Lemma merge_phi_inj c c' :
  (forall i, c i \in init_code i) -> (forall i, c' i \in init_code i) ->
  merge_phi c = merge_phi c' -> c = c'.
Proof.
move=> c_in c'_in phi_eq; apply: functional_extensionality => i; apply/subr0_eq.
pose S := [set u : 'I_(k + l') | (l <= u < l + k)%N].
apply: (MDS_vanishing_eq0 (init_code_MDS i) (rpredB (c_in i) (c'_in i)) (S := S)).
  by rewrite dim_init_code card_interval; lia.
move=> u; rewrite inE => u_in; have := block_end_le i; have /andP[_ u_lt] := u_in => i_end.
pose j := insubd dF (u + i * k)%N.
have j_eq : j = (u + i * k)%N :> nat by rewrite val_insubd_lt; lia.
by rewrite !mxE -(merge_phi_block c u_in j_eq) -(merge_phi_block c' u_in j_eq) phi_eq subrr.
Qed.

Lemma merge_phi_surj y : y \in final_code ->
  exists2 c, (forall i, c i \in init_code i) & merge_phi c = y.
Proof.
move=> yF; pose enc (i : 'I_t) := grs k (init_pt i) (init_wt i) \o @rVpoly F k.
have enc_in i m : enc i m \in init_code i by apply: mem_GRS; rewrite size_poly.
pose Psi (M : 'M[F]_(t, k)) := merge_phi (fun i => enc i (row i M)).
have Psi_inj : injective Psi.
  move=> M1 M2 Psi_eq.
  have enc_eq := merge_phi_inj (fun i => enc_in i _) (fun i => enc_in i _) Psi_eq.
  apply/row_matrixP => i.
  apply: (grs_rVpoly_inj (@init_pt_inj i) (init_wt_neq0 i) (leq_addr _ _)).
  exact: (congr1 (fun c => c i) enc_eq).
have : y \in [set Psi M | M : 'M[F]_(t, k)].
  suff -> : [set Psi M | M : 'M[F]_(t, k)] = [set y in final_code] by rewrite inE.
  apply/eqP; rewrite eqEcard; apply/andP; split.
    by apply/subsetP => _ /imsetP[M _ ->]; rewrite inE merge_phi_mem.
  by rewrite card_imset // card_mx cardsE card_vspace dim_final_code mulnC.
by case/imsetP => M _ ->; exists (fun i => enc i (row i M)).
Qed.

(* For [t = 1] the final code is a puncturing of the initial code, so no symbol
   has to be recomputed. *)
Definition nwritten : nat := if t == 1%N then 0%N else l.

Definition unchanged : {set 'I_(k + l')} := [set u : 'I_(k + l') | (nwritten <= u < l + k)%N].
Definition read : {set 'I_(k + l')} := [set u : 'I_(k + l') | (u < nwritten)%N].
Definition assign (i : 'I_t) (u : 'I_(k + l')) : 'I_(k * t + l) := insubd dF (u + i * k)%N.

Definition merge_code : conv_code F t (k + l') k (k * t + l) (k * t) :=
  @ConvCode F t (k + l') k (k * t + l) (k * t)
    init_code final_code merge_phi (fun=> unchanged) assign (fun=> read).

Lemma nwritten_le_l : (nwritten <= l)%N.
Proof. by rewrite /nwritten; case: ifP. Qed.

Lemma t_eq1_of_unchanged_lt_l u : (u < l)%N -> (nwritten <= u)%N -> t = 1%N.
Proof. by rewrite /nwritten; case: eqP => // _; lia. Qed.

Lemma val_assign i (u : 'I_(k + l')) : (u < l + k)%N -> assign i u = (u + i * k)%N :> nat.
Proof. by move=> u_lt; rewrite val_insubd_lt //; have := block_end_le i; lia. Qed.

Lemma assign_inj i j u v : u \in unchanged -> v \in unchanged ->
  assign i u = assign j v -> i = j /\ u = v.
Proof.
rewrite !inE => /andP[u_ge u_lt] /andP[v_ge v_lt] /(congr1 val) /=.
rewrite !val_assign // => uv_eq; have [t1 | t_ne1] := eqVneq t 1%N.
  have i_eq_j : i = j by apply: ord_inj; have := ltn_ord i; have := ltn_ord j; lia.
  by split=> //; apply: ord_inj; move: uv_eq; rewrite i_eq_j; lia.
move: u_ge v_ge; rewrite /nwritten (negPf t_ne1) => u_ge v_ge.
have /(congr1 (edivn^~ k)) : (i * k + (u - l) = j * k + (v - l))%N by lia.
by rewrite !edivn_eq; [case=> /ord_inj -> ?; split=> //; apply: ord_inj; lia | lia | lia].
Qed.

Lemma merge_phi_copy c i u : u \in unchanged -> merge_phi c 0 (assign i u) = c i 0 u.
Proof.
rewrite inE => /andP[u_ge u_lt]; have [u_lt_l | l_le_u] := ltnP u l; last first.
  by apply: merge_phi_block; rewrite ?l_le_u ?val_assign.
have t1 := t_eq1_of_unchanged_lt_l u_lt_l u_ge.
have ord_t (m : 'I_t) : m = i by apply: ord_inj; have := ltn_ord m; have := ltn_ord i; lia.
have i0 : i = 0%N :> nat by have := ltn_ord i; lia.
rewrite mxE val_assign // i0 mul0n addn0 u_lt_l (big_pred1 i) => [|m]; last first.
  by rewrite (ord_t m) /= eqxx.
have -> : cofactor i = 1 by rewrite /cofactor big_pred0 // => m; rewrite (ord_t m) eqxx.
have -> : insubd dI u = u by apply: ord_inj; rewrite val_insubd_lt.
by rewrite t1 muln0; case: (ppt F u) => [x|] /=; rewrite ?hornerC ?coefC mul1r.
Qed.
Lemma zeta_moebius : zeta_mx *m moebius_mx = 1%:M.
Proof.
rewrite mul_set_mx -set_mx1; apply: eq_set_mx => x y xG yG /=.
rewrite (eq_bigr (fun z : {set V} =>
    if (x \subset z) && (z \subset y) then sg z * sg y else 0)); last first.
  by move=> z _; case: (x \subset z); rewrite ?mul1r ?mul0r.
rewrite -big_mkcondr /= (eq_bigl (fun z : {set V} => (x \subset z) && (z \subset y))) => [|z].
  rewrite -big_distrl /= sum_sign_interval.
  by case: eqP => [-> | _]; rewrite ?mulr1n -?expr2 ?sqrr_sign ?mul0r.
apply/andP/idP => [[] // | /andP[xz zy]]; rewrite xz zy; split=> //.
by apply: (mem_complex_between scG xG yG).
Qed.

Lemma sign_mx_invol : sign_mx *m sign_mx = 1%:M.
Proof.
rewrite mul_set_mx_diag -set_mx1; apply: eq_set_mx => x y _ _.
by case: eqP => [-> | _]; rewrite ?mulr0n ?mul0r // mulrNN -expr2 sqrr_sign.
Qed.

Lemma mulmx_connection_inverse : connection_matrix G *m connection_inverse = 1%:M.
Proof.
rewrite connection_matrix_factor /connection_inverse !mulmxA.
rewrite -(mulmxA _ zeta_mx) zeta_moebius mulmx1.
rewrite -(mulmxA _ sign_mx sign_mx) sign_mx_invol mulmx1.
by rewrite -trmx_mul (mulmx1C zeta_moebius) trmx1.
Qed.

Lemma connection_inverse_diag i :
  connection_inverse i i = - \sum_(z in G | enum_val i \subset z) sg z.
Proof.
rewrite /connection_inverse tr_set_mx mul_set_mx_diag mul_set_mx mxE.
rewrite -sumrN big_mkcondr /=; apply: eq_bigr => z _.
by case: (enum_val i \subset z); rewrite ?mul0r ?oppr0 // mulrN mulNr -!mulrA !signrMK.
Qed.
=-=-=-=-=
**REQUIRED ACTION:** Return the whole listing as it stands. Nothing may be altered.

**WRITTEN RESPONSE:**
Lemma merge_phi_inj c c' :
  (forall i, c i \in init_code i) -> (forall i, c' i \in init_code i) ->
  merge_phi c = merge_phi c' -> c = c'.
Proof.
move=> c_in c'_in phi_eq; apply: functional_extensionality => i; apply/subr0_eq.
pose S := [set u : 'I_(k + l') | (l <= u < l + k)%N].
apply: (MDS_vanishing_eq0 (init_code_MDS i) (rpredB (c_in i) (c'_in i)) (S := S)).
  by rewrite dim_init_code card_interval; lia.
move=> u; rewrite inE => u_in; have := block_end_le i; have /andP[_ u_lt] := u_in => i_end.
pose j := insubd dF (u + i * k)%N.
have j_eq : j = (u + i * k)%N :> nat by rewrite val_insubd_lt; lia.
by rewrite !mxE -(merge_phi_block c u_in j_eq) -(merge_phi_block c' u_in j_eq) phi_eq subrr.
Qed.

Lemma merge_phi_surj y : y \in final_code ->
  exists2 c, (forall i, c i \in init_code i) & merge_phi c = y.
Proof.
move=> yF; pose enc (i : 'I_t) := grs k (init_pt i) (init_wt i) \o @rVpoly F k.
have enc_in i m : enc i m \in init_code i by apply: mem_GRS; rewrite size_poly.
pose Psi (M : 'M[F]_(t, k)) := merge_phi (fun i => enc i (row i M)).
have Psi_inj : injective Psi.
  move=> M1 M2 Psi_eq.
  have enc_eq := merge_phi_inj (fun i => enc_in i _) (fun i => enc_in i _) Psi_eq.
  apply/row_matrixP => i.
  apply: (grs_rVpoly_inj (@init_pt_inj i) (init_wt_neq0 i) (leq_addr _ _)).
  exact: (congr1 (fun c => c i) enc_eq).
have : y \in [set Psi M | M : 'M[F]_(t, k)].
  suff -> : [set Psi M | M : 'M[F]_(t, k)] = [set y in final_code] by rewrite inE.
  apply/eqP; rewrite eqEcard; apply/andP; split.
    by apply/subsetP => _ /imsetP[M _ ->]; rewrite inE merge_phi_mem.
  by rewrite card_imset // card_mx cardsE card_vspace dim_final_code mulnC.
by case/imsetP => M _ ->; exists (fun i => enc i (row i M)).
Qed.

(* For [t = 1] the final code is a puncturing of the initial code, so no symbol
   has to be recomputed. *)
Definition nwritten : nat := if t == 1%N then 0%N else l.

Definition unchanged : {set 'I_(k + l')} := [set u : 'I_(k + l') | (nwritten <= u < l + k)%N].
Definition read : {set 'I_(k + l')} := [set u : 'I_(k + l') | (u < nwritten)%N].
Definition assign (i : 'I_t) (u : 'I_(k + l')) : 'I_(k * t + l) := insubd dF (u + i * k)%N.

Definition merge_code : conv_code F t (k + l') k (k * t + l) (k * t) :=
  @ConvCode F t (k + l') k (k * t + l) (k * t)
    init_code final_code merge_phi (fun=> unchanged) assign (fun=> read).

Lemma nwritten_le_l : (nwritten <= l)%N.
Proof. by rewrite /nwritten; case: ifP. Qed.

Lemma t_eq1_of_unchanged_lt_l u : (u < l)%N -> (nwritten <= u)%N -> t = 1%N.
Proof. by rewrite /nwritten; case: eqP => // _; lia. Qed.

Lemma val_assign i (u : 'I_(k + l')) : (u < l + k)%N -> assign i u = (u + i * k)%N :> nat.
Proof. by move=> u_lt; rewrite val_insubd_lt //; have := block_end_le i; lia. Qed.

Lemma assign_inj i j u v : u \in unchanged -> v \in unchanged ->
  assign i u = assign j v -> i = j /\ u = v.
Proof.
rewrite !inE => /andP[u_ge u_lt] /andP[v_ge v_lt] /(congr1 val) /=.
rewrite !val_assign // => uv_eq; have [t1 | t_ne1] := eqVneq t 1%N.
  have i_eq_j : i = j by apply: ord_inj; have := ltn_ord i; have := ltn_ord j; lia.
  by split=> //; apply: ord_inj; move: uv_eq; rewrite i_eq_j; lia.
move: u_ge v_ge; rewrite /nwritten (negPf t_ne1) => u_ge v_ge.
have /(congr1 (edivn^~ k)) : (i * k + (u - l) = j * k + (v - l))%N by lia.
by rewrite !edivn_eq; [case=> /ord_inj -> ?; split=> //; apply: ord_inj; lia | lia | lia].
Qed.

Lemma merge_phi_copy c i u : u \in unchanged -> merge_phi c 0 (assign i u) = c i 0 u.
Proof.
rewrite inE => /andP[u_ge u_lt]; have [u_lt_l | l_le_u] := ltnP u l; last first.
  by apply: merge_phi_block; rewrite ?l_le_u ?val_assign.
have t1 := t_eq1_of_unchanged_lt_l u_lt_l u_ge.
have ord_t (m : 'I_t) : m = i by apply: ord_inj; have := ltn_ord m; have := ltn_ord i; lia.
have i0 : i = 0%N :> nat by have := ltn_ord i; lia.
rewrite mxE val_assign // i0 mul0n addn0 u_lt_l (big_pred1 i) => [|m]; last first.
  by rewrite (ord_t m) /= eqxx.
have -> : cofactor i = 1 by rewrite /cofactor big_pred0 // => m; rewrite (ord_t m) eqxx.
have -> : insubd dI u = u by apply: ord_inj; rewrite val_insubd_lt.
by rewrite t1 muln0; case: (ppt F u) => [x|] /=; rewrite ?hornerC ?coefC mul1r.
Qed.
Lemma zeta_moebius : zeta_mx *m moebius_mx = 1%:M.
Proof.
rewrite mul_set_mx -set_mx1; apply: eq_set_mx => x y xG yG /=.
rewrite (eq_bigr (fun z : {set V} =>
    if (x \subset z) && (z \subset y) then sg z * sg y else 0)); last first.
  by move=> z _; case: (x \subset z); rewrite ?mul1r ?mul0r.
rewrite -big_mkcondr /= (eq_bigl (fun z : {set V} => (x \subset z) && (z \subset y))) => [|z].
  rewrite -big_distrl /= sum_sign_interval.
  by case: eqP => [-> | _]; rewrite ?mulr1n -?expr2 ?sqrr_sign ?mul0r.
apply/andP/idP => [[] // | /andP[xz zy]]; rewrite xz zy; split=> //.
by apply: (mem_complex_between scG xG yG).
Qed.

Lemma sign_mx_invol : sign_mx *m sign_mx = 1%:M.
Proof.
rewrite mul_set_mx_diag -set_mx1; apply: eq_set_mx => x y _ _.
by case: eqP => [-> | _]; rewrite ?mulr0n ?mul0r // mulrNN -expr2 sqrr_sign.
Qed.

Lemma mulmx_connection_inverse : connection_matrix G *m connection_inverse = 1%:M.
Proof.
rewrite connection_matrix_factor /connection_inverse !mulmxA.
rewrite -(mulmxA _ zeta_mx) zeta_moebius mulmx1.
rewrite -(mulmxA _ sign_mx sign_mx) sign_mx_invol mulmx1.
by rewrite -trmx_mul (mulmx1C zeta_moebius) trmx1.
Qed.

Lemma connection_inverse_diag i :
  connection_inverse i i = - \sum_(z in G | enum_val i \subset z) sg z.
Proof.
rewrite /connection_inverse tr_set_mx mul_set_mx_diag mul_set_mx mxE.
rewrite -sumrN big_mkcondr /=; apply: eq_bigr => z _.
by case: (enum_val i \subset z); rewrite ?mul0r ?oppr0 // mulrN mulNr -!mulrA !signrMK.
Qed.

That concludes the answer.